We used the Tensorflow implementation of the ResNet architecture57 from https://github.com/wenxinxu/resnet-in-tensorflow. The networks consisted of three residual blocks each made up of three layers of 56 convolutional feature maps, with skip connections between each. The output of the final layer was passed to a ten-unit fully connected layer, which we treated as the ‘latent code’ of the model for analysis purposes. This passed, via one more nonlinearity, to a two-unit softmax output layer. Ten networks were trained, from different random initial weights, to classify images as renderings of surfaces with high or low specular reflectance (‘Stimuli’). The networks were trained with a batch size of 32 and a learning rate of 0.001 to minimize the sparse softmax cross-entropy between outputs and correct labels. The learning rate was gradually decayed by multiplying by 0.99995 after each epoch. The networks were trained for 21 epochs, by which point the validation accuracy plateaued above 99%.

Simple autoencoder

We also considered a far simpler unsupervised model, in the form of a non-variational convolutional autoencoder implemented using Keras v.2.2.5 (https://keras.io/) for Tensorflow. The architecture comprised four layers of 64, 32, 16 and 16 feature maps alternating with 2 × 2 pooling layers, leading to a 4,096-unit fully connected bottleneck layer, which we treated as the model’s latent feature space for analysis purposes. The compressed code was expanded through mirrored layers of 16, 16, 32 and 64 feature maps to an output of the original dimensionality (128 × 128 × 3). The network was trained for 1,000 epochs to minimize mean absolute error between its input and output images (batch size 32, other learning parameters used the default Adam optimizer values as implemented in Keras).

Object-trained DNN

Finally, we evaluated a pretrained DNN supervised on object recognition: an 18-layer ResNet57 model available from the Deep Learning toolbox (https://mathworks.com/help/deeplearning/ref/resnet18.html) for MATLAB 2019b (The MathWorks Inc.). The network had been pretrained on the ImageNet Large-Scale Visual Recognition Challenge database to classify 1.2 million images into 1,000 object and animal categories58. For the analyses, we used representations in the 1,000-unit fully connected layer immediately before softmax category readout.

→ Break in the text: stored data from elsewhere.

(* Otherwise Farkas' lemma yields a
   nonnegative w' agreeing with w on all queries with a cut lighter than c*. *)
Lemma cut_certificate (X : cutT n) : exists lam : nat -> R,
  (forall e, \sum_(l < t) q l e * lam l <= cutvec R (val X) e) /\
  mincut w <= \sum_(l < t) lam l * inner (q l) w.
Proof.
(* Unknowns lam 0, ..., lam (t - 1); constraint Some e is domination at the
   pair e, constraint None is the value bound mincut w <= sum_l lam l <q_l, w>.
   In the infeasible case mu None plays the role of a scaling factor for w'. *)
pose c (o : option (pairT n)) : cstr R := match o with
  | Some e => (fun l => q l e, cutvec R (val X) e)
  | None => (fun l => - inner (q l) w, - mincut w) end.
have [[lam hlam]|[mu [mu_ge0 hcol hrow]]] := farkas c t.
  exists lam; split=> [e|]; first exact: (hlam (Some e)).
  move: (hlam None); rewrite /sat /=.
  under eq_bigr => l _ do rewrite mulNr mulrC.
  by rewrite sumrN lerN2.
rewrite sum_option /= in hrow.
have cut_ge0 : 0 <= \sum_e mu (Some e) * cutvec R (val X) e.
  by apply: sumr_ge0 => e _; rewrite mulr_ge0.
have [nu0|nu_neq0] := eqVneq (mu None) 0.
  by move: hrow; rewrite nu0 mul0r add0r ltNge cut_ge0.
have nu_gt0 : 0 < mu None by rewrite lt_neqAle eq_sym nu_neq0 mu_ge0.
pose w' := [ffun e => mu (Some e) / mu None].
have sum_w' (F : pairT n -> R) :
    \sum_e F e * w' e = (\sum_e mu (Some e) * F e) / mu None.
  by rewrite mulr_suml; apply: eq_bigr => e _; rewrite ffunE mulrA [F e * _]mulrC.
have hmin : mincut w' = mincut w.
  apply: mincut_agree => [e|l hl]; first by rewrite ffunE divr_ge0.
  move: (hcol l hl); rewrite sum_option /= mulrN addrC => /eqP.
  rewrite subr_eq0 => /eqP hl_eq.
  by rewrite [LHS]/inner sum_w' hl_eq mulrC mulKf.
have light : cutw w' (val X) < mincut w.
  rewrite /cutw sum_w' ltr_pdivrMr // [_ * mu None]mulrC.
  by move: hrow; rewrite mulrN addrC subr_lt0.
by have := mincut_le_cut w' X; rewrite hmin => /le_lt_trans /(_ light); rewrite ltxx.
Qed.

End CutCertificates.

Lemma sum_pair_index (V : nmodType) n (F : pairT n -> V) :
  \sum_(j < #|{: pairT n}|) F (enum_val j) = \sum_e F e.
Proof. by rewrite -big_enum_val. Qed.

Lemma certificates_approx (R : realType) n (w : {ffun pairT n -> R}) (t : nat)
    (q : nat -> {ffun pairT n -> R}) (lam : cutT n -> nat -> R) :
  (forall e, 0 <= w e) ->
  (forall X e, \sum_(l < t) q l e * lam X l <= cutvec R (val X) e) ->
  (forall X, mincut w <= \sum_(l < t) lam X l * inner (q l) w) ->
  exists Yt, one_sided_l1_approx (MG R n) Yt (wcol w) (crow w) /\
             (\rank Yt <= t)%N.
Proof.
move=> w_ge0 hdom hval.
pose Lm : 'M[R]_(#|{: cutT n}|, t) := \matrix_(i, l) lam (enum_val i) l.
pose Qm : 'M[R]_(t, #|{: pairT n}|) := \matrix_(l, j) q l (enum_val j).
have entry i j : (Lm *m Qm) i j = \sum_(l < t) q l (enum_val j) * lam (enum_val i) l.
  by rewrite !mxE; apply: eq_bigr => l _; rewrite !mxE mulrC.
have dom i j : (Lm *m Qm) i j <= MG R n i j by rewrite entry mxE hdom.
exists (Lm *m Qm); split; last first.
  exact: leq_trans (mxrankM_maxr _ _) (rank_leq_row _).
split=> // i; set X := enum_val i.
under eq_bigr => j _ do rewrite ger0_norm ?mulr_ge0 ?subr_ge0 ?w_ge0 // entry mxE.
rewrite (sum_pair_index (fun e => w e * (cutvec R (val X) e -
                                   \sum_(l < t) q l e * lam X l))).
under eq_bigr => e _ do rewrite mulrBr mulr_sumr.
rewrite sumrB exchange_big /= /crow -/X /cutw.
have -> : \sum_(l < t) \sum_e w e * (q l e * lam X l) =
          \sum_(l < t) lam X l * inner (q l) w.
  apply: eq_bigr => l _; rewrite /inner mulr_sumr.
  by apply: eq_bigr => e _; rewrite mulrC [q l e * _]mulrC mulrA.
have -> : \sum_e w e * cutvec R (val X) e = \sum_e cutvec R (val X) e * w e.
  by apply: eq_bigr => e _; rewrite mulrC.
by have := hval X; lra.
Qed.

Theorem theorem4 (R : realType) (n k : nat) (w : {ffun pairT n -> R}) :
  (forall e, 0 <= w e) ->
  approx_cdim_is w k ->
  Dlin_mincut_ge R n k.
Proof.
move=> w_ge0 [_ k_min] A d solvesA.
have [lam hlam] := choice (cut_certificate solvesA w_ge0).
have [Yt [approx rank_le]] :=
  certificates_approx w_ge0 (fun X => (hlam X).1) (fun X => (hlam X).2).
exact: leq_trans (k_min _ approx) (leq_trans rank_le (size_queries _ _ _ _)).
Qed.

Additional comparison models

Histogram skewness

Skewness was defined as the skew (third moment) of the distribution of pixel intensities in a greyscale version of each image.

MDS, tSNE and LLE

MDS is a linear dimensionality reduction technique that finds the linear projection of a dataset that best preserves the distances between all data points. tSNE74 is a nonlinear technique that preferentially preserves the distances between nearby data points. LLE75 is a nonlinear technique that seeks a lower-dimensional manifold that best preserves all distances.

Each dimensionality reduction algorithm was used to create a 10D embedding of the 10,000 images from the main training dataset, as well as all 270 rendered images used in the experiments (50 images from Experiment 1, 140 from Experiment 3 and 80 from Experiment 4). The experimental probe images were included because it is not possible to project new data points into the reduced-dimensionality solution discovered by tSNE or LLE. Additional 2D embeddings were performed to create the visualizations (Fig. 2a–c and Supplementary Fig. 2) using 4,000 images randomly selected from the main training dataset. The default parameters were used, as implemented in the scikit-learn package for Python.

Texture features

For each image, we calculated a multiscale texture feature description85 using the TextureSynth package for MATLAB (www.cns.nyu.edu/~lcv/texture/). The images were rescaled to 256 pixels × 256 pixels and analysed at three scales, four orientations, with a spatial neighbourhood of seven, producing a description of each image in terms of 1,350 feature dimensions.

Psychophysical procedures

The psychophysical experiments were conducted in a dimly lit room, sitting at a comfortable distance from the screen. The participants could freely view the screen and were given no fixation instructions. The stimuli were presented on an EIZO ColorEdge CG277 self-calibrating LCD monitor with a resolution of 2,560 × 1,440 and a refresh rate of 60 Hz. PsychoPy v.3.1 (https://www.psychopy.org/) with Python v.3.6 was used to present the stimuli and record the responses. At the beginning of each experiment, the observers were shown 4–12 example experimental stimuli, randomly arranged, to familiarize them with the appearance and range of material properties that they would be asked to judge. Response times were unconstrained, and the stimuli were displayed until a response was recorded.

Experiment 1: gloss ratings

Experiment 1 measured gloss ratings for novel rendered images. Fifty 800 pixel × 800 pixel (18.6 cm × 18.6 cm) images were presented singly in the centre of the screen. Each was repeated three times, for a total of 150 trials, presented in a random order. The participants were asked to rate the apparent gloss of each image using a six-point scale with endpoints labelled ‘1 = completely matte’ and ‘6 = extremely glossy’.

Experiment 2: gloss manipulation

Experiment 2 measured gloss rankings for gloss-modulated network-generated images. Eighty sets of five 128 pixel × 128 pixel (2.9 cm × 2.9 cm) PixelVAE-generated images were shown. The five images in each set were arrayed in a random order in a row in the centre of the screen. The participants were asked to use the keyboard number keys to sort the images into a row of initially empty boxes at the bottom of the screen, in order from least glossy to most glossy. Each set of stimuli was shown once, for a total of 80 trials, presented in a random order.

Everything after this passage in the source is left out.